Internet is using myriad of network protocols, the most important one being IP or Internet Protocol. This is the layer in which network decides how to send a packet to a given destination. Currently we are using IPv4 which has been with us for quite some time now and as you can tell it is showing its age. There are a couple of pain points in IPv4 that can be solved by Ipv6:
· Address Space: IPv4 was designed to have 4 billion address spaces. Back in 1980s this was a huge number given the fact that there were only a couple of addresses being used. However the number of public IP addresses has grown to the limit. In fact Network Address Translation (NAT) and Classless Inter Domain Routing (CIDR) were technologies used to alleviate the address depletion problem.
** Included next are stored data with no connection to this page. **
(* For every integer $n \geq 1$, the number $R(n)$ of Riordan paths of length $n$ satisfies $$R(n) = \sum_{k=1}^{\lfloor n/2 \rfloor} f^{(k,k,1^{n-2k})}.$$
   Context: A Motzkin path of length $n$ is a lattice path from $(0,0)$ to $(n,0)$ using steps $U=(1,1)$, $F=(1,0)$, $D=(1,-1)$ that never goes below the $x$-axis. A Riordan path is a Motzkin path with no flat step $F$ on the $x$-axis. $R(n)$ is the number of Riordan paths of length $n$ (the Riordan numbers). $f^\mu$ denotes the number of standard Young tableaux of shape $\mu$, and $(k,k,1^{j})$ is the partition with two parts equal to $k$ followed by $j$ parts equal to $1$. *)

From HB Require Import structures.
From mathcomp Require Import all_boot all_order all_algebra.
Set Implicit Arguments. Unset Strict Implicit. Unset Printing Implicit Defensive.
Import GRing.Theory Num.Theory.

Inductive step := U | F | D.

Definition step_code (s : step) : 'I_3 :=
  match s with U => inord 0 | F => inord 1 | D => inord 2 end.
Definition step_decode (i : 'I_3) : step :=
  match val i with 0 => U | 1 => F | _ => D end.
Lemma step_codeK : cancel step_code step_decode.
Proof. by case; rewrite /step_decode /= inordK. Qed.
HB.instance Definition _ := Finite.copy step (can_type step_codeK).
(* Let $n\ge3$ and $k>n$ be integers and let $X$ be the discrete-time Markov chain on $\mathbb{N}^{n-1}$ described in the context (which is then stable). If $\mathbf{Q}$ is a random vector distributed according to the stationary distribution of $X$, then $\mathbb{E}[|\mathbf{Q}|]<\infty$.
   Context: $\mathbb{N}=\{0,1,2,\dots\}$, $|\mathbf{x}|=x_1+\dots+x_{n-1}$. $\mathbf{0}$, $\mathbf{1}$ are the all-zero and all-one vectors of dimension $n-1$, $\mathbf{e}_l$ the $l$-th unit vector. For $j=0,\dots,n-1$, $R_j$ is the set of $\mathbf{x}\in\mathbb{N}^{n-1}$ with exactly $j$ zero entries. $X$ is the Markov chain on $\mathbb{N}^{n-1}$ with nonzero transition probabilities: from $\mathbf{x}\in R_0$, to $\mathbf{x}-\mathbf{1}$ w.p. $\frac{k-(n-1)}{k}$ and to $\mathbf{x}+\mathbf{e}_l$ w.p. $\frac1k$ ($l=1,\dots,n-1$); from $\mathbf{x}\in R_j$, $1\le j\le n-2$, to $\mathbf{x}+\mathbf{e}_l$ w.p. $\frac{k-(n-1-j)}{kj}$ if $x_l=0$ and w.p. $\frac1k$ if $x_l\ge1$; from $\mathbf{0}$ to $\mathbf{e}_l$ w.p. $\frac1{n-1}$. *)

From HB Require Import structures.
From mathcomp Require Import all_boot all_order all_algebra.
From mathcomp Require Import all_classical all_reals.
From mathcomp Require Import ereal esum.
Unset Implicit Arguments. Unset Printing Implicit Defensive.
Import Order.TTheory GRing.Theory Num.Theory.
Local Open Scope ring_scope.

Definition state (n : nat) := {ffun 'I_n.-1 -> nat}.

Definition vnorm n (x : state n) : nat := (\sum_(l < n.-1) x l)%N.

(* number of zero entries: x is in R_j iff nzeros x = j *)
Definition nzeros n (x : state n) : nat := #|[set l : 'I_n.-1 | x l == 0%N]|.

(* x - 1 (only used for x in R_0) *)
Definition vdec n (x : state n) : state n := [ffun i => (x i).-1].

Definition vinc n (x : state n) (l : 'I_n.-1) : state n :=
  [ffun i => (x i + (i == l))%N].

Definition up_prob (R : realType) (n k : nat) (x : state n) (l : 'I_n.-1) : R :=
  let j := nzeros n x in
  if j == n.-1 then 1 / (n.-1)%:R            (* x = 0 *)
  else if j == 0%N then 1 / k%:R              (* x in R_0 *)
  else if x l == 0%N then (k%:R - ((n.-1)%:R - j%:R)) / (k%:R * j%:R)
  else 1 / k%:R.

Definition trans (R : realType) (n k : nat) (x y : state n) : R :=
  (if (nzeros n x == 0%N) && (y == vdec n x)
   then (k%:R - (n.-1)%:R) / k%:R else 0)
  + \sum_(l < n.-1) (if y == vinc n x l then up_prob R n k x l else 0).
(* Let $1\le n<L$ and all rates positive. For $i\in\{1,\dots,n\}$ write $f_i(p_1,\dots,p_n,q_1,\dots,q_n)=\langle\eta_{i,1}\rangle$, the stationary density of $\Box$'s at site $(i,1)$ as a function of the rates. Then for $1\le i\le n$, $$f_i(p_2,p_3,\dots,p_n,p_1,\;q_2,q_3,\dots,q_n,q_1)=f_{i+1}(p_1,\dots,p_n,q_1,\dots,q_n),$$ i.e. $\langle\eta_{i,1}\rangle$ with $p_j\to p_{j+1}$, $q_j\to q_{j+1}$ for all $j$ (indices mod $n$) equals $\langle\eta_{i+1,1}\rangle$, where $f_{n+1}=f_1$.
   Context: Particle labels/rows are taken modulo $n$, positions/columns modulo $L$. $\Omega_{L,n}$ is the set of words $w_1\cdots w_L$ on the ring $\mathbb{Z}/L\mathbb{Z}$ over the alphabet $\{\bullet_1,\dots,\bullet_n,\Box_1,\dots,\Box_n\}$ in which each $\bullet_k$ occurs exactly once, the $\bullet_1,\dots,\bullet_n$ appear in this cyclic order, and the remaining $L-n$ letters are arbitrary $\Box_i$'s. Transitions (displayed segments are consecutive positions, rest unchanged, $C$ a possibly empty word in the $\Box$-letters): (T1) $\bullet_k\Box_i \to \Box_i\bullet_k$ at rate $p_k$, if $i\neq k$; (T2) $\bullet_{k-1}\,C\,\bullet_k\Box_k \to \bullet_{k-1}\Box_{k-1}\,C\,\bullet_k$ at rate $p_k$; (T3) $\Box_i\bullet_k \to \bullet_k\Box_i$ at rate $q_k$, if $i\neq k$; (T4) $\Box_k\bullet_k\,C\,\bullet_{k+1} \to \bullet_k\,C\,\Box_{k+1}\bullet_{k+1}$ at rate $q_k$. $\mathcal{A}_{L,n}$ is the set of arrays with $n$ rows and $L$ columns, entries in $\{\cdot,\bullet,\Box\}$, identified with $\Omega_{L,n}$ via: column $j$ has a $\bullet$ (resp. $\Box$) in row $k$ and $\cdot$ elsewhere iff $w_j=\bullet_k$ (resp. $\Box_k$); it carries the transported dynamics, irreducible when all rates are positive. $\eta_{i,j}$ is the indicator that site (row $i$, column $j$) is occupied by a $\Box$, and $\langle\cdot\rangle$ denotes expectation under the unique stationary distribution. *)

From HB Require Import structures.
From mathcomp Require Import all_boot all_order all_algebra.
From mathcomp Require Import reals.
Set Implicit Arguments. Unset Strict Implicit. Unset Printing Implicit Defensive.
Import Order.TTheory GRing.Theory Num.Theory.
Lemma continuous_comp {X Y Z : rep_space} (f : carrier X -> carrier Y) (g : carrier Y -> carrier Z) :
  continuous f -> continuous g -> continuous (fun x => g (f x)).
Proof.
  intros [a Ha] [b Hb].
  apply continuous_of_realizer with (F := fun p => eta b (eta a p)).
  - apply cont_comp with (E := dom Y).
    + eapply realizes_cont; eauto.
    + eapply realizes_cont; eauto.
    + intros p [x Hx]. exists (f x). apply (realizes_eta a f Ha p x Hx).
  - intros p x Hx. apply (realizes_eta b g Hb). apply (realizes_eta a f Ha p x Hx).
Qed.

Definition ccomp {X Y Z : rep_space} (g : carrier (Cspace Y Z)) (f : carrier (Cspace X Y)) :
  carrier (Cspace X Z) :=
  exist _ (fun x => cval g (cval f x)) (continuous_comp _ _ (proj2_sig f) (proj2_sig g)).

Definition subspace (X : rep_space) (P : carrier X -> Prop) : rep_space.
Proof.
  refine {| carrier := {x : carrier X | P x}; rep := fun p x => rep X p (proj1_sig x) |}.
  - intros p [x Hx] [y Hy] H1 H2; simpl in *.
    assert (x = y) as -> by (eapply rep_sv; eauto). f_equal; apply proof_irrelevance.
  - intros [x Hx]; apply (rep_surj X x).
Defined.

Record pre_endo : Type := {
  pobj : rep_space -> rep_space;
  pmap : forall X Y : rep_space, carrier (Cspace X Y) -> carrier (pobj X) -> carrier (pobj Y) }.

Record comp_endo : Type := {
  eobj : rep_space -> rep_space;
  emap : forall X Y : rep_space, carrier (Cspace X Y) -> carrier (Cspace (eobj X) (eobj Y));
  emap_id : forall X (i : carrier (Cspace X X)), (forall x, cval i x = x) ->
              forall y, cval (emap X X i) y = y;
  emap_comp : forall X Y Z (f : carrier (Cspace X Y)) (g : carrier (Cspace Y Z))
                (h : carrier (Cspace X Z)), (forall x, cval h x = cval g (cval f x)) ->
              forall y, cval (emap X Z h) y = cval (emap Y Z g) (cval (emap X Y f) y);
  emap_computable : forall X Y, @computable (Cspace X Y) (Cspace (eobj X) (eobj Y)) (emap X Y) }.

Definition endo_of (d : comp_endo) : pre_endo :=
  {| pobj := eobj d; pmap := fun X Y f y => cval (emap d X Y f) y |}.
Number Resource Organization (NRO) has announced that almost %95 of addresses have been used. This means that last IP address blocks will probably be distributed in one year. If you want to provide an application on the Internet, you will probably need to use an IPv6 endpoint. Ipv6 will have 128 bit addresses which will be much larger in address space and is currently being used in Asia. We may well abandon use of NAT altogether when IPv6 is in use which will greatly simplify network topologies and firewall configurations.
· Security: When IPv4 was first designed, there was no security technologies needed. However as Internet grow security became an issue and different protocols were created to solve the problems. IPSec was one of the security protocols that have been widely used. The good news is that IPv6 was designed with IPSec from ground up. So as long as devices or servers are supporting IPv6, secure connection can be established easily between them.
· Configuration: IPv4 addresses need to be configured either manually or with DHCP service running on the network. Using DHCP can be a problem if there is more than one on the same network. IPv6 has address auto configuration properties so that nodes can configure their own IP address and default gateway without DHCP.
· Flow Priority: Prioritized real time delivery of data is a part of Ipv4 but has some limitations like lack of packet prioritization with encrypted packets. IPv6 fully supports these capabilities and has enhanced handling of flow priority.
Now that we have some understanding of what Ipv6 can bring to your organization let’s talk about how to get prepared for it. Internet backbone is already in the process of upgrade to Ipv6 and most of the work is done. The major part of the work needs to be done inside the organization. IPv4 has been used for so long that we expect every node (device and applications) to work seamlessly. However not every node will support use of Ipv6. You will first need to identify parts of your network that is not capable of using Ipv6. Then you will need to plan on replacing those nodes taking into account your device and application lifecycles. Most of the network devices are already Ipv6 ready. What I have been seeing is that applications are still in the process of upgrading to work with Ipv6. If you want to learn more about developing applications that work with IPv6 you can attend Microsoft PDC10 October 28-29 online or find the event closest to your home! See the map here.
You do not need wait until all of your devices are capable of supporting IPv6. There are transitioning technologies that will help you interoperate IPv4 with Ipv6 technologies. When you first start you will probably have a small subnet working IPv6 and use these technologies to communicate with the rest of your internal network and Internet. Gradually you will expand your Ipv6 networks up to your network edge firewall.
Ipv6 is the future and there is clearly no escape from it. The more you postpone your planning the more you will fall behind in adapting to the new networking capabilities of IPv6. I will urge all of the readers to think about what can be done to embrace IPv6 in their environment and create awareness for the upcoming changes.